В прошлом году, в номерах с 7 августа по 23 октября, мы публиковали первую часть книги «Бестеневая лампа». Ее автор – наш земляк Иван Панкратов, хирург из Владивостока и, как выяснилось, талантливый прозаик, не так давно с успехом присоединившийся к когорте врачей-писателей.

Эта публикация вызвала живой отклик наших читателей, многие интересовались, будет ли печататься вторая часть. А некоторые решили не ждать продолжения в газете и просто купить книгу (мы, кстати, рассказали об этом в номере за 29 января). Увы, в книжных магазинах «Бестеневую лампу» не найти: она была издана очень скромным тиражом, и сегодня лишнего экземпляра нет даже у самого автора. 

Как сложится судьба талантливо написанной и очень интересной книги дальше, будет ли она издаваться дополнительно и дойдет ли до широкого читателя, пока неизвестно. Некоторую надежду дает тот факт, что на произведение Ивана Панкратова обратили внимание в российском окололитературном мире: в конце прошлого года книга была номинирована на общероссийскую литературную премию «Дальний Восток» имени Арсеньева и даже вошла в лонг-лист (длинный список претендентов).

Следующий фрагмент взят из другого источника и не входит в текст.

Lemma Phi2_eq :
  Phi2 a b e0 e1 y = Phi2_form (eval (P_e e0 e1 (r2 a b)) y) (eval (N_e e1 (r2 a b)) y)
                       (eval (Q_e e0 e1 (r2 a b)) y) (eval D_e y) (r2 a b).
Proof.
  assert (Hs := Cmod_x1_neq0 y HD).
  unfold Phi2, Phi2_form. rewrite F1c_eq, Fc_eq, Mc_eq, <- Cmod_x1_sq.
  set (s := Cmod (x1 y)) in *. set (P := eval (P_e e0 e1 (r2 a b)) y).
  set (N := eval (N_e e1 (r2 a b)) y). set (Q := eval (Q_e e0 e1 (r2 a b)) y).
  clearbody s P N Q. simpl. field; auto.
Qed.

Lemma N_e_eq0 : Fc a b e1 y = 0%C -> eval (N_e e1 (r2 a b)) y = 0.
Proof.
  intros HF; rewrite Fc_eq in HF.
  apply (f_equal fst) in HF; unfold RtoC in HF; cbn [fst] in HF.
  destruct (Rmult_integral _ _ HF) as [H | H]; [exact H |].
  exfalso; exact (Rinv_neq_0_compat _ (Cmod_x1_neq0 y HD) H).
Qed.

Lemma P_e_eq0 : F1c a b e0 e1 y = 0%C -> eval (P_e e0 e1 (r2 a b)) y = 0.
Proof.
  intros HF1; rewrite F1c_eq in HF1.
  apply (f_equal snd) in HF1; unfold RtoC in HF1; cbn [snd] in HF1.
  destruct (Rmult_integral _ _ HF1) as [H | H]; [lra |].
  exfalso; exact (Rinv_neq_0_compat _ HD H).
Qed.

End NormalForms.

Lemma derivable_pt_lim_value (f : R -> R) (t l l' : R) :
  derivable_pt_lim f t l -> l = l' -> derivable_pt_lim f t l'.
Proof. now intros H <-. Qed.

Ltac derivable_arith :=
  repeat first
    [ apply derivable_pt_lim_opp | apply derivable_pt_lim_plus | apply derivable_pt_lim_minus
    | apply derivable_pt_lim_div | apply derivable_pt_lim_mult | apply derivable_pt_lim_const
    | apply Rmult_integral_contrapositive_currified | eassumption | progress cbv beta ].

Definition Phi2_form_deriv (p n q d p' n' q' d' r : R) : R :=
  - (2 * (p / d) * ((p' * d - p * d') / (d * d))
     + (2 * (n / d) * ((n' * d - n * d') / (d * d)) * (q / r) + (n / d) * (n / d) * (q' / r))).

Поэтому сейчас мы приняли решение опубликовать вторую часть «Бестеневой лампы». Разумеется, с любезного согласия автора.

Напомним коротко содержание первой части. Главный герой, молодой хирург Виктор Платонов, служит в военном госпитале в одном из городов Дальнего Востока и нередко обращается за помощью к своему деду, военному хирургу в отставке, многоопытному и заслуженному врачу. Вместе они справляются со сложными случаями в практике Виктора. При этом доктор Платонов мечтает об ординатуре в Военно-медицинской академии в Санкт-Петербурге. Однако на пути к этой мечте встает конфликт между пациентами госпиталя, в котором он оказывается замешан против своей воли. Проведя собственное расследование ситуации и параллельно спасая своего пациента, молоденького солдата, Виктор все-таки добивается справедливости. Рапорт об отправке в академию подписан, доктор Платонов уезжает в Санкт-Петербург. В родном городе остаются его любимый дед, женщина, посчитавшая его отъезд предательством, и его воспоминания...

P.S. Подробности о самом писателе Иване Панкратове вы можете найти в материале «То, что доктор прописал…», опубликованном в номере «В» за 7 августа 2019 года. 

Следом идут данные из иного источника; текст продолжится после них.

(* points of |R(X,E)|: barycentric coordinate functions supported on a simplex *)
Definition rips_point {X} (E : X -> X -> Prop) (t : X -> R) : Prop :=
  (forall x, 0 <= t x) /\
  exists l, rips_simplex E l /\ (forall x, t x <> 0 -> In x l) /\ lsum l t = 1.

Definition in_closed_simplex {X} (E : X -> X -> Prop) (l : list X) (t : X -> R) :=
  rips_point E t /\ forall x, t x <> 0 -> In x l.

(* Weak topology: U is open iff its trace on every closed simplex is open
   in the Euclidean topology of that simplex. *)
Definition rips_open {X} (E : X -> X -> Prop) (U : (X -> R) -> Prop) : Prop :=
  forall l, rips_simplex E l ->
  forall t, in_closed_simplex E l t -> U t ->
  exists eps, 0 < eps /\
    forall s, in_closed_simplex E l s ->
      (forall x, In x l -> Rabs (s x - t x) < eps) -> U s.

(* the induced simplicial map f_E on realizations:
   (f_E t)(y) = sum of t x over x with f x = y *)
Definition supp_list {X} (t : X -> R) : list X :=
  epsilon (inhabits nil) (fun l => NoDup l /\ forall x, t x <> 0 -> In x l).

Definition push {X Y} (f : X -> Y) (t : X -> R) : Y -> R :=
  fun y => lsum (supp_list t)
             (fun x => if excluded_middle_informative (f x = y) then t x else 0).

– В период становления теории о травматической болезни в академии было две операционные, одна над другой. Сообщались они между собой голосовой связью, – доцент Тынянкин ходил между столами и вроде бы ни к кому конкретно не обращался, но каждый курсант был уверен, что рассказывают именно ему. – При поступлении тяжелого пациента с сочетанной травмой и травматическим шоком в верхней операционной им занимались по стандартной, имеющейся на тот момент схеме. В нижней – давался наркоз животному, ему наносились аналогичные повреждения и применялись экспериментальные методы лечения. Это давало возможность молодым и пытливым умам ученых сравнивать результаты, которые в итоге вылились в создание этой самой теории.

– Вот сволочи, – шепнул сзади капитан Малышев. – Собак небось мучили.

– Скорее, свиней, – слегка повернув голову, ответил Платонов. – Ну а как ты хотел?..

– Тем временем нам пора бы перейти от исторической справки к тому, ради чего вы пришли на мой курс, – Тынянкин вернулся за свой стол. – К предмету, вокруг которого вертится вся гнойная хирургия. Но для начала хотелось бы договориться по терминологии и классификации. Давайте отношения между макро- и микроорганизмом в ране мы с вами назовем инфекционным процессом…

– Вообще-то, Николай Александрович, все так считают, – ехидно сказал кто-то из дальнего угла. 

Тынянкин оглянулся на голос, усмехнулся:

– Старик, поверь: это не так. Коллектив кафедры – это как областной драматический театр. Все хотят играть Гамлета… 

Большинство курсантов улыбнулись. Слово «старик», произносимое доцентом с легкой долей иронии, всегда всех радовало. 

На лекциях у Тынянкина было интересней всего – настолько глубоко, но одновременно понятно и поучительно давал он материал. Платонов почитал про него в Интернете и знал, что Николай Александрович был советником главного хирурга армии Афганистана последние три года перед выводом войск. Это сильно поднимало и его самого, и уровень доверия к лекциям в глазах аудитории, а сам Виктор часто сравнивал его со своим дедом: и внешне, и по манере разговора они были очень похожи. 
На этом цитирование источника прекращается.